LOS ANGELES (Reuters) - Sony Pictures said on Friday it is looking for alternatives to release “The Interview” after it scrapped the Christmas Day theatrical opening of the screwball comedy at the center of a cyber attack on the studio blamed on North Korea.
After a rare public shaming of a corporation by President Barack Obama, who said Sony Pictures made a mistake in pulling the film and bowing to intimidation, chief executive Michael Lynton told CNN he hoped that the public would see the film but no other platform had shown interest.
On Wednesday, Sony canceled the theatrical release of the film depicting the assassination of North Korean leader Kim Jong Un after major movie theater chains refused to show the film following threats to theaters and audiences from hackers.

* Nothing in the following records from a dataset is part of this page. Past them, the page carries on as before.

Theorem lemma5 (R : realType) (m N : nat) (xi : 'cV[R[i]]_m)
    (A : 'M[R[i]]_m) (rho : nat) :
  (0 < m)%N -> (0 < N)%N ->
  Qbar_indep1 xi ->
  (forall i j, algebraic (A i j)) -> A \in unitmx ->
  (forall V : {vspace CO R[i] m N},
      defined_over_Qbar V -> \dim V = rho -> propP xi V) ->
  forall V' : {vspace CO R[i] m N},
    defined_over_Qbar V' -> \dim V' = rho -> propP (A *m xi) V'.
Proof.
move=> _ N_gt0 _ A_alg A_unit P_xi V' V'_Qbar dimV'.
have dimV := dim_substf (N := N) A_unit V'.
apply: (propP_dim dimV (dim_Fspace_cap_substf A_unit xi V' N_gt0)).
by apply: P_xi; [exact: defined_over_Qbar_substf | rewrite dimV].
Qed.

At the time, it said it did not have further plans to release “The Interview,” a $44 million film starring Seth Rogen and James Franco.

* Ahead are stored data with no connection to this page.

Lemma bezout_rowE m : bezout_row m = 'X * bezout_row m.+1 + G`_m *: p - p`_m *: G.
Proof. by rewrite /bezout_row (drop_polyS m G) (drop_polyS m p) -!mul_polyC; ring. Qed.

Lemma bezout_row_take m :
  'X^m * bezout_row m = G * take_poly m p - p * take_poly m G.
Proof.
have tE q : take_poly m q = q - drop_poly m q * 'X^m.
  by rewrite -{2}(poly_take_drop m q) addrK.
by rewrite !tE /bezout_row; ring.
Qed.

Lemma size_bezout_row m : (size (bezout_row m) <= n)%N.
Proof.
have [->|r0] := eqVneq (bezout_row m) 0; first by rewrite size_poly0.
rewrite -(leq_add2l m) -size_mulXn // mulrC bezout_row_take.
rewrite (leq_trans (size_polyD _ _)) // size_polyN geq_max.
rewrite !(leq_trans (size_polyMleq _ _)) // ?size_den_poly -subn1.
  by rewrite (leq_trans (leq_subr _ _)) // addnC leq_add ?size_take_poly.
by rewrite addSn subn1 /= addnC leq_add2r size_take_poly.
Qed.

Lemma bezout_row_n : bezout_row n = p.
Proof.
rewrite /bezout_row (drop_poly_eq0 size_p) mulr0 subr0 den_polyE drop_polyD.
by rewrite (drop_poly_eq0 (size_poly _ _)) addr0 -['X^n]mul1r drop_polyMXn_id mulr1.
Qed.

Lemma coef_bezout_row (i : 'I_n) : (bezout_row i.+1)`_n' = p`_i.
Proof.
have /(congr1 (fun q : {poly R} => q`_n)) := bezout_rowE i.
rewrite [in LHS]nth_default ?size_bezout_row // coefB coefD coefXM !coefZ.
rewrite coef_den_poly_n (nth_default _ size_p) mulr0 addr0 mulr1.
by move/eqP; rewrite eq_sym subr_eq0 => /eqP.
Qed.

Lemma row_bezout_mx i : row i bezout_mx = poly_rV (bezout_row i.+1).
Proof. exact: rowK. Qed.

Lemma rVpoly_row_bezout_mx i : rVpoly (row i bezout_mx) = bezout_row i.+1.
Proof. by rewrite row_bezout_mx poly_rV_K ?size_bezout_row. Qed.

Lemma bezout_mx_last i : bezout_mx i ord_max = p`_i.
Proof. by rewrite !mxE coef_bezout_row. Qed.

Lemma bezout_mx_B_r : bezout_mx *m B_r n = (poly_rV p)^T.
Proof.
by apply/matrixP => i j; rewrite (ord1 j) mulmx_B_r !mxE coef_bezout_row.
Qed.

Lemma C_obs_bezout_mx : C_obs n *m bezout_mx = poly_rV p.
Proof. by rewrite C_obs_mulmx row_bezout_mx bezout_row_n. Qed.

Lemma sum_shift_bezout_row (i : 'I_n) :
  \sum_(l < n') (i == l.+1 :> nat)%:R *: bezout_row l.+1 = bezout_row i.
Proof.
case: i => [[|i] /= lt_i]; first by rewrite bezout_row0 big1 // => l _; rewrite scale0r.
rewrite (bigD1 (Ordinal (lt_i : (i < n')%N))) //= eqxx scale1r big1 ?addr0 //.
by move=> l; rewrite -val_eqE /= eqSS eq_sym => /negbTE->; rewrite scale0r.
Qed.

Lemma bezout_mx_A_comp : bezout_mx *m A_comp c = (A_comp c)^T *m bezout_mx.
Proof.
apply/row_matrixP => i; apply: (can_inj rVpolyK).
rewrite !row_mul rVpoly_mulmx_A_comp rVpoly_mulmx rVpoly_row_bezout_mx.
under eq_bigr do rewrite rVpoly_row_bezout_mx !mxE.
rewrite big_ord_recr /= eqxx bezout_row_n mxE bezout_mx_last.
rewrite (eq_bigr (fun l : 'I_n' => (i == l.+1 :> nat)%:R *: bezout_row l.+1)).
  by rewrite sum_shift_bezout_row (bezout_rowE i) coef_den_poly scaleNr; ring.
by move=> l _; rewrite ltn_eqF.
Qed.

End Bezoutian.

Lemma reach_mx_coef (R : realType) k (A : 'M[R]_k) (B : 'cV[R]_k)
    (v : 'rV[R]_k) (j : 'I_k) :
  (v *m reach_mx A B) 0 j = (v *m A ^+ j *m B) 0 0.
Proof. by rewrite -mulmxA !mxE; apply: eq_bigr => i _; rewrite mxE. Qed.

Lemma reachable_ker0 (R : realType) k (A : 'M[R]_k) (B : 'cV[R]_k) :
  (forall v : 'rV[R]_k, (forall j, (j < k)%N -> (v *m A ^+ j *m B) 0 0 = 0) -> v = 0) ->
  reachable A B.
Proof.
move=> vAB0; apply/eqP; rewrite -[_ == _]/(row_free _) -kermx_eq0.
apply/eqP/row_matrixP => i; rewrite row0; apply: vAB0 => j lt_jk.
rewrite -(reach_mx_coef _ _ _ (Ordinal lt_jk)).
by have /sub_kermxP-> := row_sub i (kermx (reach_mx A B)); rewrite mxE.
Qed.


Section Reachability.
Variables (R : realType) (n' : nat).
Local Notation n := n'.+1.
Variables a b c : 'I_n -> R.
Local Notation A := (A_f a b c).
Local Notation B := (B_f n).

But on Friday, after Obama expressed concern about setting a precedent of self-censorship in Hollywood, Sony said in a statement that it “immediately began actively surveying alternatives to enable us to release the movie on a different platform.”
It appears there are no takers so far for a film that has incensed North Korea and could ultimately be the reason behind the most destructive hacking of a private company on U.S. soil. The Federal Bureau of Investigation said Friday that North Korean was responsible for the hack.

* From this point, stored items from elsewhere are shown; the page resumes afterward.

(* [h_S = - A h_(~S)], so [rho_c A < 1] makes the block l2/l1 mass of [h] on [S] smaller. *)
Lemma null_space_property (h : 'cV[C]_(M * d)) : D *m h = 0 -> h != 0 ->
  \sum_(t < #|S|) enorm (blk (restr S h) t) <
  \sum_(t < #|~: S|) enorm (blk (restr (~: S) h) t).
Proof.
move=> Dh nh; set hS := restr S h; set hSC := restr (~: S) h.
have hSE : hS = - (A *m hSC).
  have /eqP : D0 *m hS + colblk D (~: S) *m hSC = 0 by rewrite -mulmx_colblk_split.
  rewrite addr_eq0 => /eqP e.
  by rewrite -[hS]mul1mx -(pinv_mulmx D0_inj) -(mulmxA (pinv D0)) e mulmxN mulmxA.
set E := \sum_(t < #|~: S|) enorm (blk hSC t).
have E_gt0 : 0 < E.
  rewrite lt_def sumr_ge0 ?andbT => [|t _]; last exact: enorm_ge0.
  apply: contra nh; rewrite psumr_eq0 => [/allP E0|t _]; last exact: enorm_ge0.
  have hSC0 : hSC = 0.
    by apply: blk_inj => t; rewrite blk0; apply: enorm0_eq0; apply/eqP/E0/mem_index_enum.
  have hS0 : hS = 0 by rewrite hSE hSC0 mulmx0 oppr0.
  by apply/eqP; exact: restr_split_eq0 hS0 hSC0.
apply: (@le_lt_trans _ _ (rho_c A * E)); last by rewrite gtr_pMl.
apply: (@le_trans _ _ (\sum_(t < #|S|) \sum_(r < #|~: S|)
                         rho (subblk A t r) * enorm (blk hSC r))).
  apply: ler_sum => t _; rewrite hSE blkN enormN blk_mulmx.
  apply: le_trans (ler_enorm_sum _ _ _) _; apply: ler_sum => r _.
  exact: enorm_mulmx_le.
rewrite exchange_big /= mulr_sumr; apply: ler_sum => r _.
by rewrite -mulr_suml ler_wpM2r ?enorm_ge0 ?sum_rho_subblk_le.
Qed.

Lemma lopt_recovers : LOPT_recovers D y x0.
Proof.
split=> // x Dx xx0; set h := x - x0.
have Dh : D *m h = 0 by rewrite mulmxBr Dx subrr.
have nh : h != 0 by rewrite subr_eq0; apply/eqP.
have xE : x = x0 + h by rewrite addrC subrK.
have x0SC (t : 'I_#|~: S|) : blk x0 (enum_val t) = 0.
  by apply: blk_notin_bsupp; rewrite -finset.in_setC enum_valP.
have := null_space_property Dh nh.
rewrite (l21_split S x) (l21_split S x0).
rewrite [\sum_(t < #|~: S|) enorm (blk x0 _)]big1 ?addr0 => [|t _]; last by rewrite x0SC enorm0.
have -> : \sum_(t < #|~: S|) enorm (blk (restr (~: S) h) t) =
          \sum_(t < #|~: S|) enorm (blk x (enum_val t)).
  by apply: eq_bigr => t _; rewrite blk_restr xE blkD x0SC add0r.
have : \sum_(t < #|S|) enorm (blk x0 (enum_val t)) -
       \sum_(t < #|S|) enorm (blk (restr S h) t) <=
       \sum_(t < #|S|) enorm (blk x (enum_val t)).
  by rewrite -sumrB; apply: ler_sum => t _; rewrite blk_restr xE blkD lerB_enormD.
lra.
Qed.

Lynton told CNN’s Fareed Zakaria that “there has not been one major VOD – video on demand distributor – one major e-commerce site that has stepped forward and said they are willing to distribute this movie for us.”
He also recognized in a separate interview with NPR that “people have been generally fearful about their systems being corrupted.”
Netflix Inc, one of the biggest players in online streaming, would not discuss its interest in “The Interview,” or lack thereof.
“We are approached on virtually every unconventional release by the networks and studios and, as a matter of course, don’t discuss publicly the pitches, concepts or ideas that come our way,” Netflix said in a statement.
Lynton said that Sony Pictures does not have a direct interface with the American public and needed an intermediary.
It does have its own site for streaming Sony content, known as Crackle, and films can be shown through the Sony Corp gaming console PlayStation. Sony declined to comment on the viability of those two options.
In the end, Sony repeatedly emphasized two issues: that it had no choice but to cancel the release after theater owners declined to show it and that it is strongly committed to the First Amendment.
“Free expression should never be suppressed by threats and extortion,” the studio said in its statement.
One independent theater in Texas that wanted to screen the “The Interview” after the hackers’ threats, the Alamo Drafthouse, said the studio declined to distribute.